Die kühle Oktoberluft trägt die Stimmen über den Platz. Menschen jeden Alters stehen Seite an Seite, Kerzen flackern im Wind. Wir sind in Frankfurt, wo sich wie in vielen hessischen Städten Menschen zu Mahnwachen versammelt haben. Ein Jahr nach dem Hamas-Terror vom 7. Oktober gedenken wir der Opfer mit stiller Anteilnahme und klaren Botschaften gegen Antisemitismus.
Die Solidaritätsbekundungen ziehen sich durch ganz Hessen. In Kassel, Darmstadt und Wiesbaden finden ähnliche Veranstaltungen statt. Besonders bewegend ist die Präsenz vieler junger Menschen, die Schilder mit den Namen der Opfer hochhalten. Eine Studentin erzählt mir: «Wir stehen hier, weil das Vergessen die größte Gefahr ist.» Zwischen den Teilnehmern sehe ich auch Überlebende und Angehörige, deren Gesichter von Trauer gezeichnet sind.
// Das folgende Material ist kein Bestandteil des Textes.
(* Let $\mathbb H(t)=4\arctan(e^t)$ and let $\lambda=q+ip$ with $q,p\in\mathbb{R}$, $q^2+p^2=1$, $p>0$, $\lambda\ne i$. Suppose $\Phi\in C^\infty(\mathbb{R}^2;\mathbb{C}^2)$ is parallel with respect to $(\mathbb H(x),\lambda)$ and $\sup_{(x,y)\in\ell}|\Phi(x,y)|<\infty$, where $\ell=\{(x,y)\in\mathbb{R}^2:-qx+py=0\}$. Then $\Phi\equiv0$.
   Context: Pauli matrices $\sigma_1=\begin{pmatrix}0&1\\1&0\end{pmatrix}$, $\sigma_2=\begin{pmatrix}0&-i\\ i&0\end{pmatrix}$, $\sigma_3=\begin{pmatrix}1&0\\0&-1\end{pmatrix}$. For $u\in C^\infty(\mathbb{R}^2)$, $\lambda\ne0$: $A=\frac i4\big((\lambda-\lambda^{-1}\cos u)\sigma_3-(\partial_xu-i\partial_yu)\sigma_2-\lambda^{-1}(\sin u)\sigma_1\big)$, $B=\frac14\big(-(\lambda+\lambda^{-1}\cos u)\sigma_3+(\partial_xu-i\partial_yu)\sigma_2-\lambda^{-1}(\sin u)\sigma_1\big)$; $\Phi$ is parallel with respect to $(u,\lambda)$ if $\partial_x\Phi=A\Phi$ and $\partial_y\Phi=B\Phi$ on $\mathbb{R}^2$. *)

From Stdlib Require Import Reals.
From Coquelicot Require Import Coquelicot.
Open Scope R_scope.

Definition C2 : Type := (C * C)%type.
Record Mat2 := mk2 { m11 : C; m12 : C; m21 : C; m22 : C }.

Definition mat_add (M N : Mat2) : Mat2 :=
  mk2 (m11 M + m11 N)%C (m12 M + m12 N)%C (m21 M + m21 N)%C (m22 M + m22 N)%C.
Definition mat_scal (c : C) (M : Mat2) : Mat2 :=
  mk2 (c * m11 M)%C (c * m12 M)%C (c * m21 M)%C (c * m22 M)%C.
Definition mat_vec (M : Mat2) (v : C2) : C2 :=
  ((m11 M * fst v + m12 M * snd v)%C, (m21 M * fst v + m22 M * snd v)%C).

Definition sigma1 : Mat2 := mk2 0%C 1%C 1%C 0%C.
Definition sigma2 : Mat2 := mk2 0%C (- Ci)%C Ci 0%C.
Definition sigma3 : Mat2 := mk2 1%C 0%C 0%C (-1)%C.

Definition dxu (u : R -> R -> R) (x y : R) : R := Derive (fun t => u t y) x.
Definition dyu (u : R -> R -> R) (x y : R) : R := Derive (fun t => u x t) y.

Definition Amat (u : R -> R -> R) (lam : C) (x y : R) : Mat2 :=
  let w := (RtoC (dxu u x y) - Ci * RtoC (dyu u x y))%C in
  mat_scal (Ci / RtoC 4)%C
    (mat_add (mat_add
       (mat_scal (lam - / lam * RtoC (cos (u x y)))%C sigma3)
       (mat_scal (- w)%C sigma2))
       (mat_scal (- (/ lam * RtoC (sin (u x y))))%C sigma1)).

Definition Bmat (u : R -> R -> R) (lam : C) (x y : R) : Mat2 :=
  let w := (RtoC (dxu u x y) - Ci * RtoC (dyu u x y))%C in
  mat_scal (/ RtoC 4)%C
    (mat_add (mat_add
       (mat_scal (- (lam + / lam * RtoC (cos (u x y))))%C sigma3)
       (mat_scal w sigma2))
       (mat_scal (- (/ lam * RtoC (sin (u x y))))%C sigma1)).

Definition parallel (u : R -> R -> R) (lam : C) (Phi : R -> R -> C2) : Prop :=
  forall x y : R,
    is_derive (fun t => fst (Phi t y)) x (fst (mat_vec (Amat u lam x y) (Phi x y))) /\
    is_derive (fun t => snd (Phi t y)) x (snd (mat_vec (Amat u lam x y) (Phi x y))) /\
    is_derive (fun t => fst (Phi x t)) y (fst (mat_vec (Bmat u lam x y) (Phi x y))) /\
    is_derive (fun t => snd (Phi x t)) y (snd (mat_vec (Bmat u lam x y) (Phi x y))).

Fixpoint Ck2 (k : nat) (f : R -> R -> R) : Prop :=
  (forall p : R * R, continuous (fun q : R * R => f (fst q) (snd q)) p) /\
  match k with
  | O => True
  | S k' => exists fx fy : R -> R -> R,
      (forall x y, is_derive (fun t => f t y) x (fx x y)) /\
      (forall x y, is_derive (fun t => f x t) y (fy x y)) /\
      Ck2 k' fx /\ Ck2 k' fy
  end.

Definition smooth2 (f : R -> R -> R) : Prop := forall k, Ck2 k f.

Definition smoothC2 (Phi : R -> R -> C2) : Prop :=
  smooth2 (fun x y => Re (fst (Phi x y))) /\ smooth2 (fun x y => Im (fst (Phi x y))) /\
  smooth2 (fun x y => Re (snd (Phi x y))) /\ smooth2 (fun x y => Im (snd (Phi x y))).

Definition normC2 (v : C2) : R := sqrt (Cmod (fst v) ^ 2 + Cmod (snd v) ^ 2).

Definition Hkink (t : R) : R := 4 * atan (exp t).

From Stdlib Require Import Reals Lra Psatz.
From Coquelicot Require Import Coquelicot.
Open Scope R_scope.

(* Write S = sech x and T = tanh x.  Along the kink u = H(x) one has
   u_x = 2S, cos u = T^2 - S^2 and sin u = -2ST.  For lambda = q + ip on the
   unit circle (so 1/lambda is its conjugate) the system
   Phi_x = A Phi, Phi_y = B Phi has two explicit first integrals
     W- = e^{-(px+qy)/2} (-S phi1 + (i lambda - T) phi2),
     W+ = e^{ (px+qy)/2} ((-i lambda - T) phi1 + S phi2),
   i.e. both are constant on R^2.  The line l is {s (p, q)}, on which
   px + qy = s; since Phi is bounded there, |W-| <= C e^{-s/2} (s -> +oo) and
   |W+| <= C e^{s/2} (s -> -oo) force both constants to vanish.  Finally the
   linear system W- = W+ = 0 in (phi1, phi2) has determinant -2 q lambda,
   which is nonzero because p > 0 and lambda <> i give q <> 0.

   The system is complex
   linear, so i Phi is parallel as well; the real parts of W-(Phi),
   W-(i Phi), W+(Phi), W+(i Phi) then give all four real equations. *)

(* sech and tanh as rational functions of e^x, so that `field` can use them. *)
Definition sech (x : R) : R := 2 * exp x / (1 + exp x ^ 2).
Definition tnh (x : R) : R := (exp x ^ 2 - 1) / (1 + exp x ^ 2).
Vor einigen Tagen sprach ich mit Daniel Neumann, dem Direktor des Landesverbandes der Jüdischen Gemeinden in Hessen. «Diese Mahnwachen sind nicht nur Erinnerung, sondern auch ein Zeichen gegen den wachsenden Antisemitismus in unserem Land», betonte er.
Mir fällt auf, wie unterschiedlich die Menschen hier sind – verschiedene Religionen, Altersgruppen, politische Richtungen. Dennoch eint sie heute das gemeinsame Gedenken. Die hessischen Behörden haben die Sicherheitsmaßnahmen verstärkt, denn die Polarisierung hat seit dem Terrorangriff zugenommen.
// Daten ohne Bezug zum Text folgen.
(* Let $X$ be a countable set with at least two elements, equipped with the discrete metric $\rho$, and denote this metric space by $\mathcal{X}$. Let $p\in(0,\infty)$ and let $f:\mathcal{W}_p(\mathcal{X})\to\mathcal{W}_p(\mathcal{X})$ be a surjective isometry (a bijection preserving $W_p$). Then there exists a bijection $\sigma:\mathcal{X}\to\mathcal{X}$ such that $$f(\mu)(\{x\})=\mu(\{\sigma^{-1}(x)\})\qquad\text{for all }x\in\mathcal{X}\text{ and all }\mu\in\mathcal{P}(\mathcal{X}).$$ Conversely, for any bijection $\sigma:\mathcal{X}\to\mathcal{X}$, the map defined by this formula is an isometry of $\mathcal{W}_p(\mathcal{X})$.
   Context: $\rho(x,y)=1$ if $x\ne y$ and $\rho(x,x)=0$. $\mathcal{P}(\mathcal{X})$ is the set of probability measures on the power set of $\mathcal{X}$. A coupling of $\mu,\nu\in\mathcal{P}(\mathcal{X})$ is a probability measure $\pi$ on $\mathcal{X}^2$ with marginals $\mu$ and $\nu$; $\mathcal{C}(\mu,\nu)$ is the set of couplings. $W_p(\mu,\nu)=\big(\inf_{\pi\in\mathcal{C}(\mu,\nu)}\int\rho^p\,d\pi\big)^{1/p}$ for $p\ge1$ and $W_p(\mu,\nu)=\inf_{\pi\in\mathcal{C}(\mu,\nu)}\int\rho^p\,d\pi$ for $0<p<1$. $\mathcal{W}_p(\mathcal{X})$ is the metric space $(\mathcal{P}(\mathcal{X}),W_p)$. *)

From HB Require Import structures.
From mathcomp Require Import all_boot all_order all_algebra.
From mathcomp Require Import all_classical all_reals all_analysis.
Set Implicit Arguments. Unset Strict Implicit. Unset Printing Implicit Defensive.
Import Order.TTheory GRing.Theory Num.Theory numFieldNormedType.Exports.
Local Open Scope classical_set_scope.
Local Open Scope ring_scope.

Section Wass.
Variable R : realType.

Definition is_prob (T : Type) (mu : set T -> R) : Prop :=
  [/\ forall A, 0 <= mu A,
      mu setT = 1 &
      forall F : nat -> set T,
        (forall i j, i <> j -> F i `&` F j = set0) ->
        (fun n => \sum_(0 <= i < n) mu (F i)) @ \oo --> mu (\bigcup_n F n)].

Record prob (T : Type) := Prob { pmeas :> set T -> R; pmeasP : is_prob pmeas }.

Variable X : countType.

Definition rho (x y : X) : R := if x == y then 0 else 1.

Definition coupling (mu nu : prob X) (pi : prob (X * X)) : Prop :=
  (forall A, pi (A `*` setT) = mu A) /\ (forall B, pi (setT `*` B) = nu B).

(* \int rho^p dpi ; rho^p is the simple function taking value 0^p on the
   diagonal and 1^p off the diagonal, so its integral is written out. *)
Definition cost (p : R) (pi : prob (X * X)) : R :=
  (0 `^ p) * pi [set z | rho z.1 z.2 = 0] + (1 `^ p) * pi [set z | rho z.1 z.2 = 1].

Definition Wp (p : R) (mu nu : prob X) : R :=
  let c := inf [set cost p pi | pi in [set pi | coupling mu nu pi]] in
  if 1 <= p then c `^ (p^-1) else c.

Definition Wp_isometry (p : R) (f : prob X -> prob X) : Prop :=
  forall mu nu, Wp p (f mu) (f nu) = Wp p mu nu.

End Wass.

(* On a discrete space the cost of a coupling is the mass it puts off the
   diagonal, so W_p is an increasing function of the optimal cost D(mu, nu),
   and isometries preserve D.  Against a Dirac mass D(mu, delta_y) = 1 - mu{y}.
   Call nu singular to mu when D(mu, nu) = 1.  Dirac masses are characterized
   by D alone: they are the measures mu that are the only measure singular to
   every measure singular to mu.  Indeed the product coupling gives
   D(mu, nu) <= 1 - mu{x} nu{x}, so if mu charges x then every measure singular
   to mu is singular to delta_x.  An isometry f therefore permutes the Dirac
   masses, f delta_x = delta_(sigma x), and D(f mu, delta_x) =
   D(mu, delta_(sigma^-1 x)) reads f mu {x} = mu {sigma^-1 x}.  Conversely,
   pushing couplings forward along sigma x sigma is a cost-preserving
   bijection between the couplings of mu, nu and of their images. *)

From HB Require Import structures.
From mathcomp Require Import all_boot all_order all_algebra.
From mathcomp Require Import all_classical all_reals all_analysis.
Import Order.TTheory GRing.Theory Num.Theory numFieldNormedType.Exports.
Local Open Scope classical_set_scope.
Local Open Scope ring_scope.
Set Implicit Arguments. Unset Strict Implicit. Unset Printing Implicit Defensive.

Section ProbabilityBasics.
Variables (R : realType) (T : Type).
Implicit Types (P : prob R T) (A B G : set T).

Lemma prob_ge0 P A : 0 <= P A. Proof. by case: (pmeasP P). Qed.

Lemma probT P : P setT = 1. Proof. by case: (pmeasP P). Qed.

Lemma prob_cvg P (F : nat -> set T) :
  (forall i j, i <> j -> F i `&` F j = set0) ->
  (fun n => \sum_(0 <= i < n) P (F i)) @ \oo --> P (\bigcup_n F n).
Proof. by case: (pmeasP P) => _ _; apply. Qed.

Lemma prob0 P : P set0 = 0.
Proof.
have sum_cvg := @prob_cvg P (fun=> set0) (fun _ _ _ => setI0 _).
have /cvg_series_cvg_0 : cvgn (series (fun=> P set0)) by exact: cvgP _ sum_cvg.
by move/cvg_lim => <- //; rewrite lim_cst.
Qed.

Lemma probU P A B : A `&` B = set0 -> P (A `|` B) = P A + P B.
Proof.
move=> AB0.
pose F (i : nat) := if i == 0%N then A else if i == 1%N then B else set0.
have F_disj i j : i <> j -> F i `&` F j = set0.
  by case: i j => [|[|i]] [|[|j]] //= _; rewrite /F /= ?setI0 ?set0I // setIC.
have UF : \bigcup_n F n = A `|` B.
  apply/seteqP; split=> [x [[|[|i]]] //= _ Fx|x [Ax|Bx]]; [by left|by right|..].
  - by exists 0%N.
  - by exists 1%N.
have := @prob_cvg P F F_disj; rewrite UF -(cvg_shiftn 2).
have -> : [sequence \sum_(0 <= i < (n + 2)%N) P (F i)]_n = fun=> P A + P B.
  apply/funext => n /=; rewrite addn2 !big_nat_recl // big1 ?addr0 // => i _.
  exact: prob0.
by move/cvg_lim => <- //; rewrite lim_cst.
Qed.

Lemma probC P A : P (~` A) = 1 - P A.
Proof. by rewrite -(probT P) -(setUCr A) probU ?setICr // addrAC subrr add0r. Qed.

Lemma le_prob P A B : A `<=` B -> P A <= P B.
Proof.
move=> AB; have -> : B = A `|` (B `&` ~` A).
  by rewrite setUIr setUCr setIT; apply/esym/setUidPr.
by rewrite probU ?lerDl ?prob_ge0 // setICA setICr setI0.
Qed.

Lemma prob_le1 P A : P A <= 1.
Proof. by rewrite -(probT P); apply: le_prob. Qed.

Lemma prob_eq_full P G A B : P (~` G) = 0 -> A `&` G = B `&` G -> P A = P B.
Proof.
move=> PG0 ABG.
have on_full S : P S = P (S `&` G).
  rewrite -{1}(setIT S) -(setUCr G) setIUr probU; last first.
    by rewrite setIACA setICr !setI0.
  suff -> : P (S `&` ~` G) = 0 by rewrite addr0.
  by apply/eqP; rewrite eq_le prob_ge0 andbT -PG0 le_prob.
by rewrite on_full ABG -on_full.
Qed.

Lemma prob_ext (P Q : prob R T) : (forall A, P A = Q A) -> P = Q.
Proof.
case: P Q => [mP hP] [mQ hQ] /= /funext PQ; move: hP hQ; rewrite PQ => hP hQ.
by congr Prob; exact: Prop_irrelevance.
Qed.

End ProbabilityBasics.

Lemma esumZl (R : realType) (T : choiceType) (S : set T) (a : T -> \bar R) (r : R) :
  0 <= r -> (forall i, 0 <= a i)%E ->
  \esum_(i in S) (r%:E * a i)%E = (r%:E * \esum_(i in S) a i)%E.
Proof.
move=> r0 a0; rewrite /esum -ereal_supZl //; last first.
  by apply/set0P; exists 0%E, set0; [exact: fsets_set0 | rewrite fsbig_set0].
congr ereal_sup; apply/seteqP; split=> x /=.
- by move=> [A fA <-]; exists (\sum_(i \in A) a i)%E; [exists A | rewrite ge0_mule_fsumr].
- by move=> [_ [A fA <-] <-]; exists A => //; rewrite ge0_mule_fsumr.
Qed.

Section CountableSpace.
Variables (R : realType) (T : countType).
Implicit Types (P : prob R T) (A : set T).

Lemma prob_esum P A : (P A)%:E = \esum_(t in A) (P [set t])%:E.
Proof.
(* Countable additivity along the partition of A by the value of [pickle]. *)
pose F (n : nat) := A `&` [set t | pickle t = n].
have F_disj i j : i <> j -> F i `&` F j = set0.
  by move=> ij; apply/seteqP; split=> t //= [[_ ti] [_ tj]]; apply: ij; rewrite -ti -tj.
have UF : A = \bigcup_n F n.
  by apply/seteqP; split=> [t At | t [n _ []]] //; exists (pickle t).
have F_atom i : \esum_(t in F i) (P [set t])%:E = (P (F i))%:E.
  have [[t Ft]|/forallNP F0] := pselect (exists t, F i t).
    suff -> : F i = [set t] by rewrite esum_set1 // lee_fin prob_ge0.
    apply/seteqP; split=> [s Fs|s -> //] /=; apply: (pcan_inj (@pickleK T)).
    by case: Fs => _ ->; case: Ft => _ ->.
  suff -> : F i = set0 by rewrite esum_set0 prob0.
  by apply/seteqP; split=> s // /F0.
have sum_cvg := @prob_cvg _ _ P F F_disj; rewrite -UF in sum_cvg.
rewrite {2}UF nneseries_sum_bigcup; first last.
- by move=> t; rewrite lee_fin prob_ge0.
- by apply/trivIsetP => i j _ _ /eqP; exact: F_disj.
under eq_fun do under eq_bigr do rewrite F_atom.
under eq_fun do rewrite sumEFin.
by rewrite -(cvg_lim _ sum_cvg) // -EFin_lim //; exact: cvgP sum_cvg.
Qed.

Lemma prob_atom_ext (P Q : prob R T) : (forall t, P [set t] = Q [set t]) -> P = Q.
Proof.
move=> PQ; apply: prob_ext => A; apply/EFin_inj.
by rewrite !prob_esum; apply: eq_esum => t _; rewrite PQ.
Qed.

Lemma exists_atom_gt0 P : exists x, 0 < P [set x].
Proof.
apply/not_existsP => atoms_le0.
suff : (P setT)%:E = 0%E by rewrite probT => -[/eqP]; rewrite oner_eq0.
rewrite prob_esum esum1 // => t _; congr (_%:E).
by apply/eqP; rewrite eq_le prob_ge0 andbT leNgt; apply/negP/atoms_le0.
Qed.

Lemma prob_atom1E P x : P [set x] = 1 -> forall A, P A = if `[< A x >] then 1 else 0.
Proof.
move=> Px1 A; apply/eqP; case: ifPn => [/asboolP Ax|/asboolPn nAx].
  by rewrite eq_le prob_le1 -Px1 le_prob // => _ ->.
rewrite eq_le prob_ge0 andbT.
have <- : P (~` [set x]) = 0 by rewrite probC Px1 subrr.
by apply: le_prob => y Ay yx; apply: nAx; rewrite -yx.
Qed.

Lemma prob_atom1 P x : (forall y, y != x -> P [set y] = 0) -> P [set x] = 1.
Proof.
move=> atoms0; apply/eqP; rewrite eq_sym -subr_eq0 -probC; apply/eqP/EFin_inj.
by rewrite prob_esum esum1 // => y /eqP /atoms0 ->.
Qed.

Definition weight_measure (w : T -> R) (A : set T) : R := fine (\esum_(t in A) (w t)%:E).

Lemma weight_measure_prob (w : T -> R) : (forall t, 0 <= w t) ->
  \esum_(t in setT) (w t)%:E = 1%E -> is_prob (weight_measure w).
Proof.
move=> w_ge0 w_sum1.
have wsum_ge0 A : (0 <= \esum_(t in A) (w t)%:E)%E.
  by apply: esum_ge0 => t _; rewrite lee_fin.
have esum_fin A : \esum_(t in A) (w t)%:E \is a fin_num.
  rewrite ge0_fin_numE // (@le_lt_trans _ _ 1%E) ?ltry // -w_sum1.
  rewrite esum_mkcond [leRHS]esum_mkcond; apply: le_esum => t _.
  by case: ifP; rewrite ?in_setT lee_fin.
split=> [A||F F_disj]; [exact: fine_ge0 | by rewrite /weight_measure w_sum1 |].
have F_triv : trivIset setT F by apply/trivIsetP => i j _ _ /eqP; exact: F_disj.
rewrite /weight_measure nneseries_sum_bigcup //.
set e := fun i => \esum_(j in F i) (w j)%:E.
have sum_fin : (\sum_(0 <= i <oo) e i)%E \is a fin_num by rewrite -nneseries_sum_bigcup.
have : (\sum_(0 <= i < n) e i)%E @[n --> \oo] --> (\sum_(0 <= i <oo) e i)%E.
  exact: (@is_cvg_nneseries _ e xpredT 0%N (fun i _ _ => wsum_ge0 (F i))).
rewrite -(fineK sum_fin) => /fine_cvgP[_].
apply: cvg_trans; apply: near_eq_cvg; near=> n => /=.
by rewrite -EFin_sum_fine // => i _; exact: esum_fin.
Unshelve. all: by end_near.
Qed.

End CountableSpace.

Section Pushforward.
Variable R : realType.

Lemma pushforward_is_prob (T U : Type) (P : prob R T) (h : T -> U) :
  is_prob (fun B => P (h @^-1` B)).
Proof.
split=> [B||F F_disj]; [exact: prob_ge0 | by rewrite preimage_setT probT |].
rewrite preimage_bigcup; apply: prob_cvg => i j ij.
by rewrite -preimage_setI F_disj // preimage_set0.
Qed.

Definition pushforward (T U : Type) (h : T -> U) (P : prob R T) : prob R U :=
  Prob (pushforward_is_prob P h).

End Pushforward.

Section DiscreteTransport.
Variables (R : realType) (X : countType).
Implicit Types (mu nu m n : prob R X) (pi : prob R (X * X)).

Definition dirac_weight (x t : X) : R := (t == x)%:R.

Lemma dirac_weight_ge0 x t : 0 <= dirac_weight x t. Proof. exact: ler0n. Qed.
In dieser Stunde der Besinnung wird mir wieder bewusst: Das Erinnern ist mehr als Pflicht – es ist Grundlage für Versöhnung. Während die Kerzen langsam niederbrennen, bleibt die Hoffnung, dass diese Solidarität nicht mit dem Ende der Veranstaltung erlischt, sondern in unseren Alltag hineinwirkt. Gemeinsam gegen das Vergessen.